Segment Start: Material for the task
(* A prime p with p^2 | f(d) and d <= N satisfies p <= p^2 <= N^4 + 2. *)
Lemma sqfree_below_count_le z N : sqfree_below_count z N <=
  sqfree_count N + \sum_(z <= p < N ^ 4 + 3 | prime p) sqdiv_count N p.
Proof.
rewrite /sqfree_below_count sqfree_countE /sqdiv_count exchange_big /= -big_split /=.
rewrite big_seq [X in _ <= X]big_seq; apply: leq_sum => d.
rewrite mem_index_iota => /andP [_ dN].
have [/(squarefreePn (f_nat_gt0 d)) [p p_pr pd] | /negPn ->] :=
  boolP (~~ squarefree (f_nat d)); last exact: leq_trans (leq_b1 _) (leq_addr _ _).
case: (boolP (sqfree_below z d)) => //= below.
have zp : z <= p.
  rewrite leqNgt; apply/negP => pz; move/allP/(_ p): below.
  by rewrite mem_iota add0n pz p_pr pd => /(_ isT).
have pN : p < N ^ 4 + 3.
  have p_le : p <= p ^ 2 by rewrite -{1}[p]expn1 leq_pexp2l // prime_gt0.
  apply: leq_ltn_trans (leq_trans p_le (dvdn_leq (f_nat_gt0 d) pd)) _.
  by rewrite /f_nat [_ + 3]addnS ltnS leq_add2r leq_exp2r // -ltnS.
rewrite big_mkcond (bigD1_seq p) ?mem_index_iota ?zp ?iota_uniq //=.
by rewrite p_pr pd /= addnCA add1n.
Qed.

Lemma sqdiv_count_le N p : prime p -> sqdiv_count N p <= (N %/ p ^ 2).+1 * 4.
Proof.
move=> p_pr; have p2_gt0 : 0 < p ^ 2 by rewrite expn_gt0 prime_gt0.
have f_per x : nat_of_bool (p ^ 2 %| f_nat (x + p ^ 2)) = (p ^ 2 %| f_nat x).
  by rewrite dvdn_f_nat_addr.
case/andP: (sum_nat_periodic_bounds _ _ N p2_gt0 f_per) => _ /leq_trans; apply.
have -> : \sum_(0 <= d < p ^ 2) (p ^ 2 %| f_nat d) = delta (p ^ 2).
  rewrite -(count_roots_progression _ _ 0 p2_gt0 (coprimen1 _)).
  by apply: eq_bigr => d _; rewrite add0n mul1n.
by rewrite leq_mul2l delta_prime_sq_le4 ?orbT.
Qed.

Lemma sqdiv_count_gt0 N p : 0 < sqdiv_count N p -> exists2 d, d <= N & p ^ 2 %| f_nat d.
Proof.
rewrite lt0n sum_nat_seq_eq0 -has_predC => /hasP [d].
by rewrite mem_index_iota => /andP [_ dN] /=; rewrite eqb0 negbK; exists d.
Qed.

End Counting.

Section EulerProduct.
Variable R : realType.

Definition euler_factor p : R := 1 - (delta (p ^ 2))%:R / (p ^ 2)%:R.
Definition euler_prod z : R := \prod_(0 <= p < z | prime p) euler_factor p.

Lemma euler_prodS z :
  euler_prod z.+1 = euler_prod z * (if prime z then euler_factor z else 1).
Proof. by rewrite /euler_prod big_mkcond big_nat_recr //= -big_mkcond. Qed.

Lemma residues_over_primorial z :
  (sqfree_residues z)%:R / (sq_primorial z)%:R = euler_prod z.
Proof.
rewrite /sqfree_residues /sq_primorial !natr_prod -prodf_div; apply: eq_bigr => p p_pr.
by rewrite natrB ?delta_le // mulrBl divff // pnatr_eq0 -lt0n expn_gt0 (prime_gt0 p_pr).
Qed.

Lemma euler_factor_le1 p : euler_factor p <= 1.
Proof. by rewrite lerBlDr lerDl divr_ge0 ?ler0n. Qed.

Lemma euler_factor_ge p : prime p -> 1 - 4 / (p ^ 2)%:R <= euler_factor p.
Proof.
move=> p_pr; rewrite lerB // ler_pM2r ?invr_gt0 ?ltr0n ?expn_gt0 ?prime_gt0 //.
by rewrite ler_nat delta_prime_sq_le4.
Qed.

Lemma euler_factor_ge0 p : prime p -> 0 <= euler_factor p.
Proof.
move=> p_pr; rewrite subr_ge0 ler_pdivrMr ?ltr0n ?expn_gt0 ?prime_gt0 //.
by rewrite mul1r ler_nat delta_le.
Qed.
Segment End: Material for the task
**Task statement**
The expected response is the material above given again line by line, from its first line to the line holding "rewrite -(count_roots_progression _", inclusive.

**Answer to the problem**
(* A prime p with p^2 | f(d) and d <= N satisfies p <= p^2 <= N^4 + 2. *)
Lemma sqfree_below_count_le z N : sqfree_below_count z N <=
  sqfree_count N + \sum_(z <= p < N ^ 4 + 3 | prime p) sqdiv_count N p.
Proof.
rewrite /sqfree_below_count sqfree_countE /sqdiv_count exchange_big /= -big_split /=.
rewrite big_seq [X in _ <= X]big_seq; apply: leq_sum => d.
rewrite mem_index_iota => /andP [_ dN].
have [/(squarefreePn (f_nat_gt0 d)) [p p_pr pd] | /negPn ->] :=
  boolP (~~ squarefree (f_nat d)); last exact: leq_trans (leq_b1 _) (leq_addr _ _).
case: (boolP (sqfree_below z d)) => //= below.
have zp : z <= p.
  rewrite leqNgt; apply/negP => pz; move/allP/(_ p): below.
  by rewrite mem_iota add0n pz p_pr pd => /(_ isT).
have pN : p < N ^ 4 + 3.
  have p_le : p <= p ^ 2 by rewrite -{1}[p]expn1 leq_pexp2l // prime_gt0.
  apply: leq_ltn_trans (leq_trans p_le (dvdn_leq (f_nat_gt0 d) pd)) _.
  by rewrite /f_nat [_ + 3]addnS ltnS leq_add2r leq_exp2r // -ltnS.
rewrite big_mkcond (bigD1_seq p) ?mem_index_iota ?zp ?iota_uniq //=.
by rewrite p_pr pd /= addnCA add1n.
Qed.

Lemma sqdiv_count_le N p : prime p -> sqdiv_count N p <= (N %/ p ^ 2).+1 * 4.
Proof.
move=> p_pr; have p2_gt0 : 0 < p ^ 2 by rewrite expn_gt0 prime_gt0.
have f_per x : nat_of_bool (p ^ 2 %| f_nat (x + p ^ 2)) = (p ^ 2 %| f_nat x).
  by rewrite dvdn_f_nat_addr.
case/andP: (sum_nat_periodic_bounds _ _ N p2_gt0 f_per) => _ /leq_trans; apply.
have -> : \sum_(0 <= d < p ^ 2) (p ^ 2 %| f_nat d) = delta (p ^ 2).
  rewrite -(count_roots_progression _ _ 0 p2_gt0 (coprimen1 _)).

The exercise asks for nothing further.